Наследники Фауста - Елена Клещенко
Шрифт:
Интервал:
Закладка:
— Вы только поглядите на этот светоч праведности! — насмешливо каркнул он. — Да я, в отличие от тебя, не украл и краюхи хлеба! Честная мена, Вагнер, честная мена, только и всего! Договор, юридически безупречный, внятные условия и их безукоризненное соблюдение! Мне, право, горько слышать такие упреки от того, кто якобы хочет со мной поладить!
Я наклонил голову, безмолвно извинившись. Честная мена, будь по-твоему, черт. Впрочем, разве не лучше потерять часть души, чем всю душу, либо три года жизни потратить на службе у дьявола, и с каким еще исходом?! Пока я не вижу подвоха, предложение представляется выгодным. Разумеется, и для него.
Что сделает тот, к кому перейдет мой дар? Негодяй с талантом оратора, химик-отравитель, полководец, ведущий армию на верную гибель в твердой уверенности, что сам-то останется жив… А я? Да не потеряю ли я и всю душу, вступив в торги с ним? Можно ли отмолить подобный грех? И как буду жить до самой смерти, лишившись… чего именно? Что выбрать, от чего отказаться? Мое жалостливое презрение к косноязычным и косоруким… Мямлить, путать слова, шутить невпопад, вспоминать подходящее возражение не раньше, чем оппонент уйдет… О нет, нет. Уж пусть лучше химия, черта ли в ней, останусь лектором и врачом… Останусь ли врачом, если перестану чувствовать свойства вещей? Парацельс отвечает «нет», многие с ним не согласны, но я-то согласен! Пусть я не философ, но начатки чужой философии во мне крепки, и сам себе я в таком случае перестану верить, а тому, кто не верит себе, у одра больного делать нечего. Уж хирургию-то во всяком случае придется оставить, там косоруким не место. Досадно, но коли так выходит…
Постой, а третье? Самоуверенность, он сказал? Вера в лучший исход? Как будет без нее? Вечные подозрения, опасения — видал я таких и, опять же, смеялся над ними… Но разве до сих пор я мало размышлял о грядущих бедах? Самому мне казалось, что даже слишком много, для того-то я и прибегал с юных лет к шутовству, чтобы скрыть свою трусость, — значит, плохо я знаю себя? Даже не понимаю, чего лишусь.
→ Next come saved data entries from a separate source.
(* Let $d\ge 2$, let $\rho$ be a density operator on $\mathbb{C}^d$, and let $\{|i_m\rangle\}_{i=1}^d$, $m=1,\dots,M$, be $M$ mutually unbiased orthonormal bases of $\mathbb{C}^d$, with $p_{i_m}=\langle i_m|\rho|i_m\rangle$. Let $C>0$ be any number with $\sum_{m=1}^M\sum_{i=1}^d p_{i_m}^2\le C$ (for example $C=\operatorname{Tr}(\rho^2)+\frac{M-1}{d}$). Put $K=\lfloor M/C\rfloor$ and $a=M/C-K$. Then $$\sum_{m=1}^M H\{p_{i_m};i\}\ \ge\ aC(K+1)\log_2(K+1)+(1-a)CK\log_2K.$$
   Context: Orthonormal bases $\{|i_m\rangle\}_{i=1}^d$, $m=1,\dots,M$, of $\mathbb{C}^d$ are mutually unbiased if $|\langle i_m|j_n\rangle|^2=1/d$ for all $i,j$ and all $m\ne n$. $H\{p_{i_m};i\}=-\sum_{i=1}^d p_{i_m}\log_2 p_{i_m}$ is the Shannon entropy of the outcome distribution in the $m$th basis, with the convention $0\log_2 0=0$. *)

From mathcomp Require Import all_boot all_order all_algebra.
From mathcomp Require Export complex.
From mathcomp Require Import reals exp.
Import GRing.Theory Num.Theory.
Local Open Scope ring_scope.

Set Implicit Arguments.
Unset Strict Implicit.
Unset Printing Implicit Defensive.

Section Defs.
Variable R : realType.
Variable d : nat.

Definition cinner (u v : 'cV[R[i]]_d) : R[i] :=
  \sum_(k < d) (u k 0)^* * v k 0.

Definition density_op (rho : 'M[R[i]]_d) : Prop :=
  [/\ (forall i j, rho j i = (rho i j)^*),
      (forall v : 'cV[R[i]]_d, 0 <= cinner v (rho *m v)) &
      \tr rho = 1].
Ауэрхан возился на высокой полке, рядом с кувшином, — не уронил бы, негодный. Дядюшка отхлебывал из своей фляги, не глядя на меня. Пора было принимать решение, ведь зачем я и звал его, как не затем, чтобы получить нужное в обмен на нечто и с победой вернуться к ней!.. Вернуться обделенным. Так вот она, каверза старого юриста! За что ты полюбила меня, гордое дитя доминуса Иоганна? Примешь ли убогого? Потерпишь ли около себя косноязычного, не умеющего обрадовать словом? Отставного врача — когда сама желаешь учиться у меня? Труса и меланхолика? Да нет, причем тут меланхолия, о темпераменте он ничего не сказал. Чуть больше благоразумия, ясного видения, в той мере, в какой все это обыкновенно присуще зрелым людям, не пойдет ли мне на пользу? И много ли разницы, большую или меньшую трусость будет скрывать от близких мое шутовство? Как будто бы все верно?..
Так размышлял я и, найдя свои умозаключения верными, представил, как завтра же добуду коня, верхом поскачу в Виттенберг, к той, кто спит под цветным витражом и, может быть, плачет во сне, — и более не медлил.
— Третье.
Черт поднял голову, ладонью отер губы.
— Ах так. Выбор, достойный вашего племени! Себе оставил то, что служит тщеславию… или опять же страсти? Должно быть, ты не прогадал: маленькой ведьмочке из колена Фауста действительно пришелся по нраву твой острый язык… или твои успехи в химии… а впрочем, как знать, как знать, время покажет, прав ли я…
Обычная болтовня гадалок и чертей: двусмысленные заверения, имеющие целью скрыть ложь и смутить покой. Я постарался пропустить их мимо ушей.
— Поменьше заботься обо мне. Доволен ли ты?
— О, как никогда! Впервые за все время, что провел в твоем обществе, я воистину доволен! Ты, верно, к твоему же благу, не способен понять, какую услугу оказываешь мне!
— Радуюсь вместе с тобой. Теперь, быть может, перейдем к делу? Как ты намерен осуществить это?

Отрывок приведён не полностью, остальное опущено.